One of my employees came to me today and said his back was sore and that he hurt it while moving some equipment, so we sent him to the doctor to get treatment. Shortly after this employee left for the doctor’s office, another employee came to me and told me the first employee actually hurt his back at home the night before, and was lying about getting hurt at work. Knowing what the second employee told me, do I still have to process the employee’s workers’ compensation claim?
The short answer is “yes.” California Labor Code Section 5401 requires an employer to provide its employees with the workers’ compensation claim form (DWC-1) within one working day from the time the employer receives notice or knowledge of an injury that results in lost time from work, or requires more medical treatment than first aid.
As a result, if an employee tells you that he or she was injured at work, you must provide the employee with the claim form.
Investigation of Claims
You can, however, pass on the information you received to your insurance carrier and the insurance company has up to 90 days to investigate the claim to determine whether it arose out of employment and occurred in the course of employment.

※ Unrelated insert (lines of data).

Lemma tlift_braid (W : lmodType k) (H : A -> B -> C -> W) :
  (forall a b, linear (H a b)) -> (forall a c, linear (fun b => H a b c)) ->
  (forall b c, linear (fun a => H a b c)) -> forall c b a,
  tlift (fun a1 b1 => tlift (fun a2 c2 => tlift (fun b3 c3 => H a2 b3 c3)
          (R2 (c2 \ot b1))) (R3 (c \ot a1))) (R1 (b \ot a)) =
  tlift (fun b1 c1 => tlift (fun a2 c2 => tlift (fun a3 b3 => H a3 b3 c2)
          (R1 (b1 \ot a2))) (R3 (c1 \ot a))) (R2 (c \ot b)).
Proof.
move=> H1 H2 H3 c b a.
pose G x (s : B \otimes C) := tlift (H x) s.
have bHx x : bilin (H x) by split=> ?; [apply: H1 | apply: H2].
have bG : bilin G.
  split => [x|s]; first exact: tlift_linear.
  by apply: (tlift_linear_param (F := H)) => y z; apply: H3.
have GE x y z : tlift G (x \ot (y \ot z)) = H x y z.
  by rewrite (tliftE bG) /G (tliftE (bHx x)).
have := congr1 (tlift G) (braid_pointwise c b a).
rewrite !(linear_tlift (tlift_linear bG)).
do 2 setoid_rewrite (linear_tlift (tlift_linear bG)).
by setoid_rewrite GE.
Qed.

End BraidRelation.

Section TwistedTensorProduct.
Variables (k : fieldType) (A B : lmodType k).
Variables (muA : A -> A -> A) (muB : B -> B -> B) (R : B \otimes A -> A \otimes B).
Hypotheses (bA : bilin muA) (bB : bilin muB) (hR : linear R).

Lemma twisted_mul_bilin : bilin (twisted_mul muA muB R).
Proof. rewrite /twisted_mul; bilinearity. Qed.

Lemma twisted_mulE a b a' b' :
  twisted_mul muA muB R (a \ot b) (a' \ot b') =
  tlift (fun x y => muA a x \ot muB y b') (R (b \ot a')).
Proof. by rewrite /twisted_mul !tliftE //; bilinearity. Qed.

End TwistedTensorProduct.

If your insurance carrier determines that the employee was not hurt at work or while working, it can deny the claim. The obligation to investigate the validity of a workers’ compensation claim rests with your insurance carrier.
As the employer, your obligation is to process the claim to the insurance company and to provide it with whatever relevant information you believe will assist it in evaluating the claim properly.
There is no direct penalty for failing to provide the claim form to the employee, but failing to provide the claim form can extend the employee’s statute of limitations for filing the claim and could jeopardize the insurance company’s ability to actually deny the claim if the insurance company believes the injury did not occur in the course of employment.